WORK REQUEST:
Range to output from the entries below: the line containing "expect n (fun s => g (s.2, s.1))" through the line containing "(forall o s, P". Set it down exactly, ends included, nothing else.

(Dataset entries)
________________

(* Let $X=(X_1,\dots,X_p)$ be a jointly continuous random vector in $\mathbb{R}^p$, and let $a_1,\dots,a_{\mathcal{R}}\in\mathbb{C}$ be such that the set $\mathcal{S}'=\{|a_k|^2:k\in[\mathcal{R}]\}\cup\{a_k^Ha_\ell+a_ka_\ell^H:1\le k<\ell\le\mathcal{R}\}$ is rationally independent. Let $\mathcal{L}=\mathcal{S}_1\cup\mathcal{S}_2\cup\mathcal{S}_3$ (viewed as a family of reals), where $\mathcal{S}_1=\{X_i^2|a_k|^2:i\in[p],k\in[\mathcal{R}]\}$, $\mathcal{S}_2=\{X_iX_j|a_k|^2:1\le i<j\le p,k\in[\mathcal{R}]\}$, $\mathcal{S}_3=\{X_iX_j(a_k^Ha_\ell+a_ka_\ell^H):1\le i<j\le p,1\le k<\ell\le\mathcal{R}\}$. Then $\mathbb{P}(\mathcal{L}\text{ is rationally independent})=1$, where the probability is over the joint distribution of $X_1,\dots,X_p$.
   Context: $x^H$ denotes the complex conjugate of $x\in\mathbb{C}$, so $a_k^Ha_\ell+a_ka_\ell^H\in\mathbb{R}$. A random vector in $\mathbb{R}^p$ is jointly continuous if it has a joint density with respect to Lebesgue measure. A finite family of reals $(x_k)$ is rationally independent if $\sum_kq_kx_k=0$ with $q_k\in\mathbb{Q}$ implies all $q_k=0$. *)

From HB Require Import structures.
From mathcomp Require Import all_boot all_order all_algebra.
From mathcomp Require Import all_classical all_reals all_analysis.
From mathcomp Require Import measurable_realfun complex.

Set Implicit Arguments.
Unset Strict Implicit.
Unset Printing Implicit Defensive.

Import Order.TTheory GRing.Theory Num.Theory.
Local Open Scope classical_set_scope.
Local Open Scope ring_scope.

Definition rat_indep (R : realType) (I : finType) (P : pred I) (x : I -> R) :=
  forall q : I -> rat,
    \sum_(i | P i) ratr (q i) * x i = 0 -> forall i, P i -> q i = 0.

________________

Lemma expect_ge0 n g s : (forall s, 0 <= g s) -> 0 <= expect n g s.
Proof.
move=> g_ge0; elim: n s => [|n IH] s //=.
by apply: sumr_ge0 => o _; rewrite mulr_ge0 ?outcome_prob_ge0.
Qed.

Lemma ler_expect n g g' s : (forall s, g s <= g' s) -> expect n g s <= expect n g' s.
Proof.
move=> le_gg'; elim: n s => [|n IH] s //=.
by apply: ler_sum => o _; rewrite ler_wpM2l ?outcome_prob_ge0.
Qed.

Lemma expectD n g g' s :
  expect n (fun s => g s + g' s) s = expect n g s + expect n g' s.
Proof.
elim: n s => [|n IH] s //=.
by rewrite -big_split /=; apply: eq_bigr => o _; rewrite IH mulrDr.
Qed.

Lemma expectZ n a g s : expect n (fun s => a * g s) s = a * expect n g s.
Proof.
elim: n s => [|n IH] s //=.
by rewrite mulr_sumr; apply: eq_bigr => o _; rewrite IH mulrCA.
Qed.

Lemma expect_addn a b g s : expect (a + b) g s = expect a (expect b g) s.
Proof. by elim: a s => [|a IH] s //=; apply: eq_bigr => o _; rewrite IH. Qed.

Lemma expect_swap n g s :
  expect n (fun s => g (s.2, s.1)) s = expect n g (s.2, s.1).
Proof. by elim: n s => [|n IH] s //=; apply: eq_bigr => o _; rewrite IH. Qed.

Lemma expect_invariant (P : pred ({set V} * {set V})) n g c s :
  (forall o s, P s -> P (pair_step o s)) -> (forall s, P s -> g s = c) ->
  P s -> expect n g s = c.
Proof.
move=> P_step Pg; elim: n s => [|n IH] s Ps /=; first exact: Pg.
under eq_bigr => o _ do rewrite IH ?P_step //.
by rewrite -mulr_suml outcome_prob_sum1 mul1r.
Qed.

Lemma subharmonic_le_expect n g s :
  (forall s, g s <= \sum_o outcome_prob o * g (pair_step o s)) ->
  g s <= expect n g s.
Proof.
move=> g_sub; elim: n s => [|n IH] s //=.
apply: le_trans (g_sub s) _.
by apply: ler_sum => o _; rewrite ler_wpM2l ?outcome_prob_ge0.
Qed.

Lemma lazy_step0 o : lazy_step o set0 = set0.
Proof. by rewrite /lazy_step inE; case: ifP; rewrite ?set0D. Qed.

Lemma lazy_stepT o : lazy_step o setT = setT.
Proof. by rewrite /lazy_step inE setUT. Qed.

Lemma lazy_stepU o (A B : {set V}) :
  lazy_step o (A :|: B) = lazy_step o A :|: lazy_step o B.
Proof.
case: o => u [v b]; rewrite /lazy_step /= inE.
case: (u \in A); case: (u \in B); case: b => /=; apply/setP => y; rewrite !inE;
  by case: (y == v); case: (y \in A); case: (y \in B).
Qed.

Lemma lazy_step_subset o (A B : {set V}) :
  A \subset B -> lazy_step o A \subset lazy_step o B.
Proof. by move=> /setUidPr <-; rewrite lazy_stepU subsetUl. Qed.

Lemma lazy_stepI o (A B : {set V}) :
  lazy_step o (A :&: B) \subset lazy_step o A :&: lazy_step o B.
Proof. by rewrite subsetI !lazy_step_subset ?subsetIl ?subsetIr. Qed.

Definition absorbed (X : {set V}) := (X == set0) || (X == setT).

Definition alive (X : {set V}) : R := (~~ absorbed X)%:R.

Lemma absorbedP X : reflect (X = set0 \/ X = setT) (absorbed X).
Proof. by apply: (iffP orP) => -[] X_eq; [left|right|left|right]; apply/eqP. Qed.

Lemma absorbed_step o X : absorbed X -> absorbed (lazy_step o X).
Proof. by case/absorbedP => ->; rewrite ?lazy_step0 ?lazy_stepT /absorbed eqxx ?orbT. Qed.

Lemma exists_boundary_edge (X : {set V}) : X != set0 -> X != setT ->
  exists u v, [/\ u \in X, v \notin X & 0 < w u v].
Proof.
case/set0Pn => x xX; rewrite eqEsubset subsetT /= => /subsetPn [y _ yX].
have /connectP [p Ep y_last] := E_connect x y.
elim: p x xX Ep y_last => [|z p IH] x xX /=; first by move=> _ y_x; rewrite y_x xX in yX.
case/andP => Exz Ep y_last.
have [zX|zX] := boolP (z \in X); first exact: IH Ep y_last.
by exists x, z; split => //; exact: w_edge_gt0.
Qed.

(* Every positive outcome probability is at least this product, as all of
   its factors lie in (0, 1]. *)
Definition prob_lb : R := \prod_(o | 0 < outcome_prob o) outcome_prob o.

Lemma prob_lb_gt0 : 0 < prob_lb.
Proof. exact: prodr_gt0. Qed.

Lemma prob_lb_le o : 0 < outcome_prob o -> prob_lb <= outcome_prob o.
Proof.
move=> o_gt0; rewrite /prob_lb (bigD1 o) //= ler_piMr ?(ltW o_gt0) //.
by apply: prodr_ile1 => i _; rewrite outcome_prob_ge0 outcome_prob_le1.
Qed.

________________

ANSWER FOR THE TASK:
  expect n (fun s => g (s.2, s.1)) s = expect n g (s.2, s.1).
Proof. by elim: n s => [|n IH] s //=; apply: eq_bigr => o _; rewrite IH. Qed.

Lemma expect_invariant (P : pred ({set V} * {set V})) n g c s :
  (forall o s, P s -> P (pair_step o s)) -> (forall s, P s -> g s = c) ->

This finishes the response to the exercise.